[Provided material — start]

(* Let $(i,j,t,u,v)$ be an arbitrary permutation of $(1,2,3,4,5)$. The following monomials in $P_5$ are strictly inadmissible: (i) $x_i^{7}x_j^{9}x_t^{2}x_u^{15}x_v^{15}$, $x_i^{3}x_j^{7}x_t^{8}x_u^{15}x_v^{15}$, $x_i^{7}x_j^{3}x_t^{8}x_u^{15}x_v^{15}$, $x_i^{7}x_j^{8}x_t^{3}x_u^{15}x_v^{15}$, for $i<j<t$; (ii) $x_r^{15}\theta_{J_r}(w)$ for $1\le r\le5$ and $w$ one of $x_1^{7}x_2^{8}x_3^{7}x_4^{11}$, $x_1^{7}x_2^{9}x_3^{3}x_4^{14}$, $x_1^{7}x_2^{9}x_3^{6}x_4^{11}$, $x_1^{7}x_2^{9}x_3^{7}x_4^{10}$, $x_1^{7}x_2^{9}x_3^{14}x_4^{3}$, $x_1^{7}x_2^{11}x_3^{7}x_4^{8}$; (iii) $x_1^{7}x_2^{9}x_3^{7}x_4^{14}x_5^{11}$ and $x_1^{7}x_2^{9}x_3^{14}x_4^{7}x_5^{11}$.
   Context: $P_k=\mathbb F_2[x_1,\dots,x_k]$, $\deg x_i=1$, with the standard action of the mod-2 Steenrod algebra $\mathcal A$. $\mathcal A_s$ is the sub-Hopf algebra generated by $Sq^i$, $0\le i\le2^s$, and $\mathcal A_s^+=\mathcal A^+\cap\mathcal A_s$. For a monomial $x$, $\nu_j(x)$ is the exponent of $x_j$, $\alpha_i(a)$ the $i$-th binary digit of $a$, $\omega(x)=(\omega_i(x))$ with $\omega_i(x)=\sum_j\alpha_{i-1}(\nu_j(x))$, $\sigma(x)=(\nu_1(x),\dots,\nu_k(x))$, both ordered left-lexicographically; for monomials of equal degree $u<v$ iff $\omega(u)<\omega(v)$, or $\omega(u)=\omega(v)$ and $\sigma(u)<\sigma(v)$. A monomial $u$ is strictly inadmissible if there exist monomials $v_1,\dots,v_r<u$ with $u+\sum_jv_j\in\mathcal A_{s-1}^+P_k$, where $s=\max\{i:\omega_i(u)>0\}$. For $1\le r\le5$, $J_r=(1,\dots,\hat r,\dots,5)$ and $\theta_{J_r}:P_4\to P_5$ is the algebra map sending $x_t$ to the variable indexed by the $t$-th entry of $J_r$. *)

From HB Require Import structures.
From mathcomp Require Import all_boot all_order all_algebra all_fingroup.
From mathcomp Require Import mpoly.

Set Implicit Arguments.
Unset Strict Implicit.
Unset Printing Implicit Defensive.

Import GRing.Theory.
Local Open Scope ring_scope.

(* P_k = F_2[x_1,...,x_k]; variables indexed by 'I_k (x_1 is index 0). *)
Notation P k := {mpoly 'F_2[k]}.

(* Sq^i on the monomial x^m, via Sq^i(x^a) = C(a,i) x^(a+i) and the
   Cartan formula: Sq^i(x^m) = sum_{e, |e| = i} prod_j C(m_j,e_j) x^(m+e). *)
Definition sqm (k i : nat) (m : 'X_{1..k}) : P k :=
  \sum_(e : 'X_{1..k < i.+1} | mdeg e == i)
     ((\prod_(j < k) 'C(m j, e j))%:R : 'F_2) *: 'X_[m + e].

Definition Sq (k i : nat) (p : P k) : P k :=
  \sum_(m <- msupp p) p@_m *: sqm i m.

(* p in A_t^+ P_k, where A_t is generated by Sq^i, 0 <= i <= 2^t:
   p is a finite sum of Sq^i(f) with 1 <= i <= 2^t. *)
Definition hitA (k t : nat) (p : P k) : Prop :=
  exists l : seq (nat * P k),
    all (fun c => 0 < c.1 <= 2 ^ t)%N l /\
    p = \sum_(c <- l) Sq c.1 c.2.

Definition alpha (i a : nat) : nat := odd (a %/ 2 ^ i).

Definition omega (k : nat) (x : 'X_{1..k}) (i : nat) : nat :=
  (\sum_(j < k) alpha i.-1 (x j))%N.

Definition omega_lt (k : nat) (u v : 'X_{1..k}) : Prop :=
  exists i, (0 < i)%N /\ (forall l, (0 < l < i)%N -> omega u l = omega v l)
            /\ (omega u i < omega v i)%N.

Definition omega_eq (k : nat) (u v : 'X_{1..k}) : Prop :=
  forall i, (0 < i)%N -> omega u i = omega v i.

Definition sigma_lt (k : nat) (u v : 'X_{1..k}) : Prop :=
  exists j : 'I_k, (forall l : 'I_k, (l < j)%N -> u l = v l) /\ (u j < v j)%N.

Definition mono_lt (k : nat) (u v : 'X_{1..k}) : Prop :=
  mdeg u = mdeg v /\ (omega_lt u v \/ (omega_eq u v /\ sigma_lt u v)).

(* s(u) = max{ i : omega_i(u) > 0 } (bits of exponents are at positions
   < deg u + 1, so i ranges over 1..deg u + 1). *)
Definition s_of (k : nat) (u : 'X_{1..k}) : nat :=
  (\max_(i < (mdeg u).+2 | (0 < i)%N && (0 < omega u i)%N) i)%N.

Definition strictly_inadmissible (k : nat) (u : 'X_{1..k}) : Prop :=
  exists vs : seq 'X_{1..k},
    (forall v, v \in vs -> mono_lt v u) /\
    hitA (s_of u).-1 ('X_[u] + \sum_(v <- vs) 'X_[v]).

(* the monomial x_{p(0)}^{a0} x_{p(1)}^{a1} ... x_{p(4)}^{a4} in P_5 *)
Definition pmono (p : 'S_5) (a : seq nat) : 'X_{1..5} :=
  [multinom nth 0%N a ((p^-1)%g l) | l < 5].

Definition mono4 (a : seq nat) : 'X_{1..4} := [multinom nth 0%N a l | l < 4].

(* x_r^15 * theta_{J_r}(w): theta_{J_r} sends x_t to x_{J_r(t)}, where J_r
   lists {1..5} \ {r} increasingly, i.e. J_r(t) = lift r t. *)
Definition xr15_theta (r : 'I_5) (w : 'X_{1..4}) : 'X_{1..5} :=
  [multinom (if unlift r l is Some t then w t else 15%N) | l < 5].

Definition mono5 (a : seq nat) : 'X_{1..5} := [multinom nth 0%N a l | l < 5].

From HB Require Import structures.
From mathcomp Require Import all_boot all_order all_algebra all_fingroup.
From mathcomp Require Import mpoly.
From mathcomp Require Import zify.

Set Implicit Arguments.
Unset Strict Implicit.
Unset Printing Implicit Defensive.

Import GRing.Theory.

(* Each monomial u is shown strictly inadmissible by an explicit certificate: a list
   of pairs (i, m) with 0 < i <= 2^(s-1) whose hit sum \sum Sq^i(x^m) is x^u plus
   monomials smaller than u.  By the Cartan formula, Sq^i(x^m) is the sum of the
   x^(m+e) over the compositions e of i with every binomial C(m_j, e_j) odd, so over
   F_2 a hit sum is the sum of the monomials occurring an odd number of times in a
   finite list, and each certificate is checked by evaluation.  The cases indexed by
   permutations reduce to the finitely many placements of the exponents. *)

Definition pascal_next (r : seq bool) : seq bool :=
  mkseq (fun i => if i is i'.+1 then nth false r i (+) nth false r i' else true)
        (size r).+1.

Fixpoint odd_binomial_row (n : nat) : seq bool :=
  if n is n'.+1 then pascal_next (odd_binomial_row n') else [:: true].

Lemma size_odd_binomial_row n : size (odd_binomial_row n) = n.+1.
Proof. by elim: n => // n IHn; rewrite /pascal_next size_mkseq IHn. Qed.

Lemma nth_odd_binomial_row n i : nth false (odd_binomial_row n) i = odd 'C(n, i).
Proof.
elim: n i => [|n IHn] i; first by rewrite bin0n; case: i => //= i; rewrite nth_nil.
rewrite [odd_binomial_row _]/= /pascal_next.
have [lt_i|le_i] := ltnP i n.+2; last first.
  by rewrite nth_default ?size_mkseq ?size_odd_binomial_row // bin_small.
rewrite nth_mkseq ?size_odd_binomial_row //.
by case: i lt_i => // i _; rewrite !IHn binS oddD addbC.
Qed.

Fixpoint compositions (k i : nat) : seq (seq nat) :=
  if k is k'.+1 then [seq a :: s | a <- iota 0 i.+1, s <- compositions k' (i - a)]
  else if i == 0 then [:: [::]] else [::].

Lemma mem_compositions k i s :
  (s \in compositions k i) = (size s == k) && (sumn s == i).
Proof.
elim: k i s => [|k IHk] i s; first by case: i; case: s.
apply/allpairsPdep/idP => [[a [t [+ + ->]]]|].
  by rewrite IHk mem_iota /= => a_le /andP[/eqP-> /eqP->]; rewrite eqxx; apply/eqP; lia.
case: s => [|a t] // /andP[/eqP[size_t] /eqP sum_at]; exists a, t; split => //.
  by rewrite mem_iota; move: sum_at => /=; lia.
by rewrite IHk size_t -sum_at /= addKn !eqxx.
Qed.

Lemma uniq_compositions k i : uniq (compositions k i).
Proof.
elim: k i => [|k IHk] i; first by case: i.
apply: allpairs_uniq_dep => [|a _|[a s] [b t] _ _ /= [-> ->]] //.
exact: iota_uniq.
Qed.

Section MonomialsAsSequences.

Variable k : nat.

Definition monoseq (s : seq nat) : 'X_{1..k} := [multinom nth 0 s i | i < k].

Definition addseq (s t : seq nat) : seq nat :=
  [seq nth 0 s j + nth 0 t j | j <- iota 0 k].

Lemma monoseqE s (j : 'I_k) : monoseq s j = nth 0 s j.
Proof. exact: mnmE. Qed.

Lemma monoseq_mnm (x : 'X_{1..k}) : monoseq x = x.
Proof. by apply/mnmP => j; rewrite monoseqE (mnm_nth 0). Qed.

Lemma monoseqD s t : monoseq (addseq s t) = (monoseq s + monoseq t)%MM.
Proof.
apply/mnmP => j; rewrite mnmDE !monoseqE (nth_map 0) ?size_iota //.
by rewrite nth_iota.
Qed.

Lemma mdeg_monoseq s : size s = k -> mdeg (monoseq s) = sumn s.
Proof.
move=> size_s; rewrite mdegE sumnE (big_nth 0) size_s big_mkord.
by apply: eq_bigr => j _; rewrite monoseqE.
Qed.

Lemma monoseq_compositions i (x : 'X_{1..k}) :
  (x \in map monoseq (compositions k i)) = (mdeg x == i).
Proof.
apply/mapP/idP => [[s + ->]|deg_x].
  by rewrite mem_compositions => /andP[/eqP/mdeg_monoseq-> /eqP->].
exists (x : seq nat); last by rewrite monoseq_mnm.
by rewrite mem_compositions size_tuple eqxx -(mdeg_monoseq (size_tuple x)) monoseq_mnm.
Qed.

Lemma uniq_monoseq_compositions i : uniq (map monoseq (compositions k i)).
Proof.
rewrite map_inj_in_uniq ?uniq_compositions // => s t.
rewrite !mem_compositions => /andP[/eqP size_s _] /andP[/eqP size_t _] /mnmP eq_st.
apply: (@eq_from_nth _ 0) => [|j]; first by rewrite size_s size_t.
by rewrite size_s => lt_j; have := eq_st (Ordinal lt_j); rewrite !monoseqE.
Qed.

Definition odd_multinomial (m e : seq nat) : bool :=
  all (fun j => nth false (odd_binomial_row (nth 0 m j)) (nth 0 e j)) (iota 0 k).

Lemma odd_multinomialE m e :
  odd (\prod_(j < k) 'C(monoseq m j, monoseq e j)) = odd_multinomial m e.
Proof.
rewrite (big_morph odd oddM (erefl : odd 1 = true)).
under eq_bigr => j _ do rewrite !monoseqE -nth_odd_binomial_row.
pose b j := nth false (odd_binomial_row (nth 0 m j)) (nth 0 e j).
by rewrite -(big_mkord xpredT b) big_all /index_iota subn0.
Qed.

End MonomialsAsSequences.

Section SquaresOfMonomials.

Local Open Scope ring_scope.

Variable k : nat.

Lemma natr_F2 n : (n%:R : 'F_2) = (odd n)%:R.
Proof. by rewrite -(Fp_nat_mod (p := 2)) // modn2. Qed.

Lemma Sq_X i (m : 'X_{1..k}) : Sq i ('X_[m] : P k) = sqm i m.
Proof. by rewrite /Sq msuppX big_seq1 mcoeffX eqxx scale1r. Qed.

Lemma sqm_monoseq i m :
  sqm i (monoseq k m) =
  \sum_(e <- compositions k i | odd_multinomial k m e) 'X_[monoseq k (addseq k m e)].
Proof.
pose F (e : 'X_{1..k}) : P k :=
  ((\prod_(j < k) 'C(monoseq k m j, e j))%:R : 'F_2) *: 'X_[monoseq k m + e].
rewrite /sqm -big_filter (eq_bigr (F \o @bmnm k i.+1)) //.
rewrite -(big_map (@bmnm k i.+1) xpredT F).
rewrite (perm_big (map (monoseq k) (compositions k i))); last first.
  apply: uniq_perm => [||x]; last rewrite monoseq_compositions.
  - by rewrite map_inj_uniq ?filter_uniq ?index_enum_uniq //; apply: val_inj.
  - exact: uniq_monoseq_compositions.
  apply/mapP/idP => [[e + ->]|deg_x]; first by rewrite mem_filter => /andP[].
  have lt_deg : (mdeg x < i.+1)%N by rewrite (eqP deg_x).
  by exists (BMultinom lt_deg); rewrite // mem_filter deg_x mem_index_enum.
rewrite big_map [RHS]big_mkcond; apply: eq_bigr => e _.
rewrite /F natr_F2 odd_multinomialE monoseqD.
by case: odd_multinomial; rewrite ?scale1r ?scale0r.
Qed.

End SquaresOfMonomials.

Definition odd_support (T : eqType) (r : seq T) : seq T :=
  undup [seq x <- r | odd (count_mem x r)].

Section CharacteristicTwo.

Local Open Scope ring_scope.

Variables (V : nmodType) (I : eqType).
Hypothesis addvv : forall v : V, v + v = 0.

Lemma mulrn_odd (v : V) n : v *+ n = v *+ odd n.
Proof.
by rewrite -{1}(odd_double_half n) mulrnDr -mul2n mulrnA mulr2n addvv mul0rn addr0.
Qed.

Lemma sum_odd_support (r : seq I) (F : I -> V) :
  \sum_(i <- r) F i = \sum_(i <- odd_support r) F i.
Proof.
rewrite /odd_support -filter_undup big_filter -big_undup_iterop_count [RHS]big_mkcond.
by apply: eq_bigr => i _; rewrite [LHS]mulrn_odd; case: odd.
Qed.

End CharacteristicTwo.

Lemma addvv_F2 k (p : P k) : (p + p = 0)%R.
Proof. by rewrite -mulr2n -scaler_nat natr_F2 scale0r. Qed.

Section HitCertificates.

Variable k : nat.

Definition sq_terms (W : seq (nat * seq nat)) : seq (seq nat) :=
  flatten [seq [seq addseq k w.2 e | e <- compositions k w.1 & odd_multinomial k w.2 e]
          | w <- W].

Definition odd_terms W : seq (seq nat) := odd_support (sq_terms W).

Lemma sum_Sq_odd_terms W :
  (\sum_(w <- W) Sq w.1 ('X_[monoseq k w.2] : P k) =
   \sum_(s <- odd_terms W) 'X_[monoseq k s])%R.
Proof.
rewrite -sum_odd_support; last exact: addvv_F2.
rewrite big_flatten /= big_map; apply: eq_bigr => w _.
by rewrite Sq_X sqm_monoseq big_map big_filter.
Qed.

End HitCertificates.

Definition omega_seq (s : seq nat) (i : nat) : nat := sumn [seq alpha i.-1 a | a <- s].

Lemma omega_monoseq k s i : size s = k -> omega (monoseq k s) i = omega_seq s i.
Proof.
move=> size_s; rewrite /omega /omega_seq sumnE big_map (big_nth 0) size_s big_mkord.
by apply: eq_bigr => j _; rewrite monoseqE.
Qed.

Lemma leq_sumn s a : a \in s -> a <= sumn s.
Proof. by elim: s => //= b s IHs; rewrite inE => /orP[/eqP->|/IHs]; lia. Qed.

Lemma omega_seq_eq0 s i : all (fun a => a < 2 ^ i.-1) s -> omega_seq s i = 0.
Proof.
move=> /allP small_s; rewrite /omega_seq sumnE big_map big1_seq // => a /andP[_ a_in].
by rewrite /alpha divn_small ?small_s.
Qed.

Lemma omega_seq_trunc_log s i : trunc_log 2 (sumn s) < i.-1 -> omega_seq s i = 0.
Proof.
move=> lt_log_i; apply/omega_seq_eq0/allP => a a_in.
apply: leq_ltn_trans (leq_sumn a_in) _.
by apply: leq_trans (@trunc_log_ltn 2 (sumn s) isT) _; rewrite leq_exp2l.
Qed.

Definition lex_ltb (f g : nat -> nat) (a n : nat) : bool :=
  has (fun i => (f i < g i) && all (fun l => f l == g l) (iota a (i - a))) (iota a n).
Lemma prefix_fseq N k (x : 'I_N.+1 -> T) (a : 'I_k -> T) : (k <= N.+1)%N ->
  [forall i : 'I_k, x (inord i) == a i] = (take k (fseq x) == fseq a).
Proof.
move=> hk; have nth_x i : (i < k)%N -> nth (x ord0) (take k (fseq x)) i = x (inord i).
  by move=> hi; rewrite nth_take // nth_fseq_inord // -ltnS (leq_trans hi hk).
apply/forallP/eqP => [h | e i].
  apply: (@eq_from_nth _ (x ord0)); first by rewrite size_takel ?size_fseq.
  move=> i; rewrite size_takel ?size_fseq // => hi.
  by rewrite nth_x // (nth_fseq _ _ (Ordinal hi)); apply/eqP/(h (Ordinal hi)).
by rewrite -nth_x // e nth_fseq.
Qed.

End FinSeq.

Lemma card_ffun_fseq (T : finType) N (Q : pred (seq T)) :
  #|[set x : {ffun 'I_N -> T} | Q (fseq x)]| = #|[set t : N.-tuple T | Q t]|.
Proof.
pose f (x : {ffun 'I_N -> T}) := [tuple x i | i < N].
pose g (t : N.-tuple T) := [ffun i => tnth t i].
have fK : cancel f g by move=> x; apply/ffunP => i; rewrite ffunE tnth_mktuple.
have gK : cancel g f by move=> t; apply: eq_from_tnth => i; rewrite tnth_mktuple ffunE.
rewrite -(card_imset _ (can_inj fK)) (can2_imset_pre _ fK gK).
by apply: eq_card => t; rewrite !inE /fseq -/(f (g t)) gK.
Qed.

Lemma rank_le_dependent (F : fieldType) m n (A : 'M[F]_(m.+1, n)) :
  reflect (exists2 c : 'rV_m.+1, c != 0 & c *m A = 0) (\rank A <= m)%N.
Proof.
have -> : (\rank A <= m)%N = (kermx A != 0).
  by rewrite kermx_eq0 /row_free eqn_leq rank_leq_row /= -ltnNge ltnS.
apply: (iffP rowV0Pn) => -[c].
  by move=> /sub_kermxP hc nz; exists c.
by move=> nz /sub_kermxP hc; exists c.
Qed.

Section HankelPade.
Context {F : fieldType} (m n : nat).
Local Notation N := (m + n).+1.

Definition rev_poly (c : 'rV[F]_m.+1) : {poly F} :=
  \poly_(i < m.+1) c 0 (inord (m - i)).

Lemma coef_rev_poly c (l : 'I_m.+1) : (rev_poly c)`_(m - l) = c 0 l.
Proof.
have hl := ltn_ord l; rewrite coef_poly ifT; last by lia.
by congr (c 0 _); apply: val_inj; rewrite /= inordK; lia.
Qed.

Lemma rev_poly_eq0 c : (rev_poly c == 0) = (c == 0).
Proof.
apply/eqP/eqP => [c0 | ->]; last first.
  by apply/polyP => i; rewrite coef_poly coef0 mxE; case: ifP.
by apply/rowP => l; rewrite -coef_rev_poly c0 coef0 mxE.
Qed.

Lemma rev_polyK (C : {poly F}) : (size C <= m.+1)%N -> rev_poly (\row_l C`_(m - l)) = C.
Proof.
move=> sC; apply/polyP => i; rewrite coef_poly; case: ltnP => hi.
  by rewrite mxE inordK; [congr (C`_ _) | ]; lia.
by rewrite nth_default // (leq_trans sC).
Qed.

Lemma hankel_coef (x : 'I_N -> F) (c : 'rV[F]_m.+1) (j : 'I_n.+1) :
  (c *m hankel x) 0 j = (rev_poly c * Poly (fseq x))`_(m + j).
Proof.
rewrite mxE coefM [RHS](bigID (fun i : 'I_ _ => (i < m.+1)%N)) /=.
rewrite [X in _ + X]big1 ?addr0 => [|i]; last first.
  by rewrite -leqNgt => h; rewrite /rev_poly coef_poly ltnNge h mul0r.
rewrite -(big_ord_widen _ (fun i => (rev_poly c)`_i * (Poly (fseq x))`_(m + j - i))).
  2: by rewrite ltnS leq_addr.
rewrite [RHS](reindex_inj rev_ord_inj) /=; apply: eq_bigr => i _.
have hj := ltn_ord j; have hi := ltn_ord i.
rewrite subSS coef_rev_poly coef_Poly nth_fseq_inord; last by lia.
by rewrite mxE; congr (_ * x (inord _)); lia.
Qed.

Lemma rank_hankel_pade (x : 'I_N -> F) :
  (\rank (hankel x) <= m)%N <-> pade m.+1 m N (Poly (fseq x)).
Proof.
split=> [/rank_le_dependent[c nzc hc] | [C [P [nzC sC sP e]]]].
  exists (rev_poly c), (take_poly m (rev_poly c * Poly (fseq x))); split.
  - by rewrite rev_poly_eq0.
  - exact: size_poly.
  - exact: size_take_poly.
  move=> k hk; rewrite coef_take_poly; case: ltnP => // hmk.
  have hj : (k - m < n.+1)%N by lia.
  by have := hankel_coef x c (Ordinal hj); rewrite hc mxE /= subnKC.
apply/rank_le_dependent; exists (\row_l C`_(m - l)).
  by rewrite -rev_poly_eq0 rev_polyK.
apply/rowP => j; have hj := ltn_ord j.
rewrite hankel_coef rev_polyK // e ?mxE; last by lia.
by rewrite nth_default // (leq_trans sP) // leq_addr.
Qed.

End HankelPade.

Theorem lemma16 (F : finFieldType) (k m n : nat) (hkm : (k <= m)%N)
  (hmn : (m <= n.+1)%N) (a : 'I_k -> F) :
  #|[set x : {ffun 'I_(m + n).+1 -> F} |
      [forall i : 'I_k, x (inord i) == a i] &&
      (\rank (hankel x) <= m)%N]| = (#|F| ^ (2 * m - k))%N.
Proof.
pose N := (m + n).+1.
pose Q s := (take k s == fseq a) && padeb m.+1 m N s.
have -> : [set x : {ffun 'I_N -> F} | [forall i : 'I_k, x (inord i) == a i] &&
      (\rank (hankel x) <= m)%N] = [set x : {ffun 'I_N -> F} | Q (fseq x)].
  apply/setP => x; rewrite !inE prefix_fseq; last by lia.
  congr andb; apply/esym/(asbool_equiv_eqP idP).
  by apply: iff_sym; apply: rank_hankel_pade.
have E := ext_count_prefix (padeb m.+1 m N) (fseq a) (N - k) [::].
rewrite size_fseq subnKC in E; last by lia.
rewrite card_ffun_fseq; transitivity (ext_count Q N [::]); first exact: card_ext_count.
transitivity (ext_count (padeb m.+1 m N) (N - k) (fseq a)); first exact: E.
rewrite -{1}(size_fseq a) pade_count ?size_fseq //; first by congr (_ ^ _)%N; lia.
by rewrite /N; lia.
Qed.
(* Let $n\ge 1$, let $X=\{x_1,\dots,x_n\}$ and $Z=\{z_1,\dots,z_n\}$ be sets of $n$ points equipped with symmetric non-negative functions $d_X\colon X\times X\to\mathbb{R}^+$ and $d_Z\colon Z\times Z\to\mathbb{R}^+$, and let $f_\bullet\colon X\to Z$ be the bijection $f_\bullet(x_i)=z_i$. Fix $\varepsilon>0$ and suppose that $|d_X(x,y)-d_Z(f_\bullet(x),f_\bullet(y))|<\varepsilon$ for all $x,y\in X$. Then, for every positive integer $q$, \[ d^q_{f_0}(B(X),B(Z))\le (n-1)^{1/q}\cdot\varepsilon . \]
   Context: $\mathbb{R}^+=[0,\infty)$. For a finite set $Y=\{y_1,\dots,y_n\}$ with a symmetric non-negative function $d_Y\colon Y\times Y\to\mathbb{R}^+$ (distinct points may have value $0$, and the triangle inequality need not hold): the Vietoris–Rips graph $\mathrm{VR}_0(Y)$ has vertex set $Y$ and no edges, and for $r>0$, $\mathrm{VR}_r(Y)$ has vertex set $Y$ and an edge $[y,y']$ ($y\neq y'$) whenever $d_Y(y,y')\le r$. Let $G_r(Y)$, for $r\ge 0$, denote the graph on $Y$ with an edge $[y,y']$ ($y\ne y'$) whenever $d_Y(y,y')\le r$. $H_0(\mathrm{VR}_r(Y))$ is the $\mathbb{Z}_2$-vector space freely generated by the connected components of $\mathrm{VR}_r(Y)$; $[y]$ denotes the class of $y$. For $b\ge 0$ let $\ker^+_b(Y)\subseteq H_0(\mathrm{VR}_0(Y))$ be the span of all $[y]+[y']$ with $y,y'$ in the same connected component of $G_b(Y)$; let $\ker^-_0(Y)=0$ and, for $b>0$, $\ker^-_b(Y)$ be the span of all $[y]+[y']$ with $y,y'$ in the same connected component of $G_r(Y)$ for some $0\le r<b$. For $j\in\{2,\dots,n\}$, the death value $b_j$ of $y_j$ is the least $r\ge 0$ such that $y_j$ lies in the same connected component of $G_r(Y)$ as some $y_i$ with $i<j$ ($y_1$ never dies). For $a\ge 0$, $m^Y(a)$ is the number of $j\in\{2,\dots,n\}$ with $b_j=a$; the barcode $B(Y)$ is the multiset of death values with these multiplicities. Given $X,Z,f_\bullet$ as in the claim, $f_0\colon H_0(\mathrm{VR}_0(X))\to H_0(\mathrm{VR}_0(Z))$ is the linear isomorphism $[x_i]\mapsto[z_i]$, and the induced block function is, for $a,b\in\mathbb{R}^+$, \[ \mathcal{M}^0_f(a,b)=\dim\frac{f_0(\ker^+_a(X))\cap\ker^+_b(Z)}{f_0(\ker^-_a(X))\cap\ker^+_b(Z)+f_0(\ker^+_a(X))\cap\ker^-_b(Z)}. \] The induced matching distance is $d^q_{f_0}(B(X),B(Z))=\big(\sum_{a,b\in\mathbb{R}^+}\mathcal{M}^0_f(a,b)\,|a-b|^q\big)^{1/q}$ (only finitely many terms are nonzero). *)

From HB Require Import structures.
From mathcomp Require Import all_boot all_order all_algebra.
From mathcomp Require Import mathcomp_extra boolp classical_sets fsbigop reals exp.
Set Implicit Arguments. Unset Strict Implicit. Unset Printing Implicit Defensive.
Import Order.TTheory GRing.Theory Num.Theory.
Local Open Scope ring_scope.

[Provided material — finish]

Directions for this task ▸ Give the exact lines, and only those, from the line containing "[seq nth 0 s" through the line containing "pose b j := nth" in the entries above.

Exercise result ▸
  [seq nth 0 s j + nth 0 t j | j <- iota 0 k].

Lemma monoseqE s (j : 'I_k) : monoseq s j = nth 0 s j.
Proof. exact: mnmE. Qed.

Lemma monoseq_mnm (x : 'X_{1..k}) : monoseq x = x.
Proof. by apply/mnmP => j; rewrite monoseqE (mnm_nth 0). Qed.

Lemma monoseqD s t : monoseq (addseq s t) = (monoseq s + monoseq t)%MM.
Proof.
apply/mnmP => j; rewrite mnmDE !monoseqE (nth_map 0) ?size_iota //.
by rewrite nth_iota.
Qed.

Lemma mdeg_monoseq s : size s = k -> mdeg (monoseq s) = sumn s.
Proof.
move=> size_s; rewrite mdegE sumnE (big_nth 0) size_s big_mkord.
by apply: eq_bigr => j _; rewrite monoseqE.
Qed.

Lemma monoseq_compositions i (x : 'X_{1..k}) :
  (x \in map monoseq (compositions k i)) = (mdeg x == i).
Proof.
apply/mapP/idP => [[s + ->]|deg_x].
  by rewrite mem_compositions => /andP[/eqP/mdeg_monoseq-> /eqP->].
exists (x : seq nat); last by rewrite monoseq_mnm.
by rewrite mem_compositions size_tuple eqxx -(mdeg_monoseq (size_tuple x)) monoseq_mnm.
Qed.

Lemma uniq_monoseq_compositions i : uniq (map monoseq (compositions k i)).
Proof.
rewrite map_inj_in_uniq ?uniq_compositions // => s t.
rewrite !mem_compositions => /andP[/eqP size_s _] /andP[/eqP size_t _] /mnmP eq_st.
apply: (@eq_from_nth _ 0) => [|j]; first by rewrite size_s size_t.
by rewrite size_s => lt_j; have := eq_st (Ordinal lt_j); rewrite !monoseqE.
Qed.

Definition odd_multinomial (m e : seq nat) : bool :=
  all (fun j => nth false (odd_binomial_row (nth 0 m j)) (nth 0 e j)) (iota 0 k).

Lemma odd_multinomialE m e :
  odd (\prod_(j < k) 'C(monoseq m j, monoseq e j)) = odd_multinomial m e.
Proof.
rewrite (big_morph odd oddM (erefl : odd 1 = true)).
under eq_bigr => j _ do rewrite !monoseqE -nth_odd_binomial_row.
pose b j := nth false (odd_binomial_row (nth 0 m j)) (nth 0 e j).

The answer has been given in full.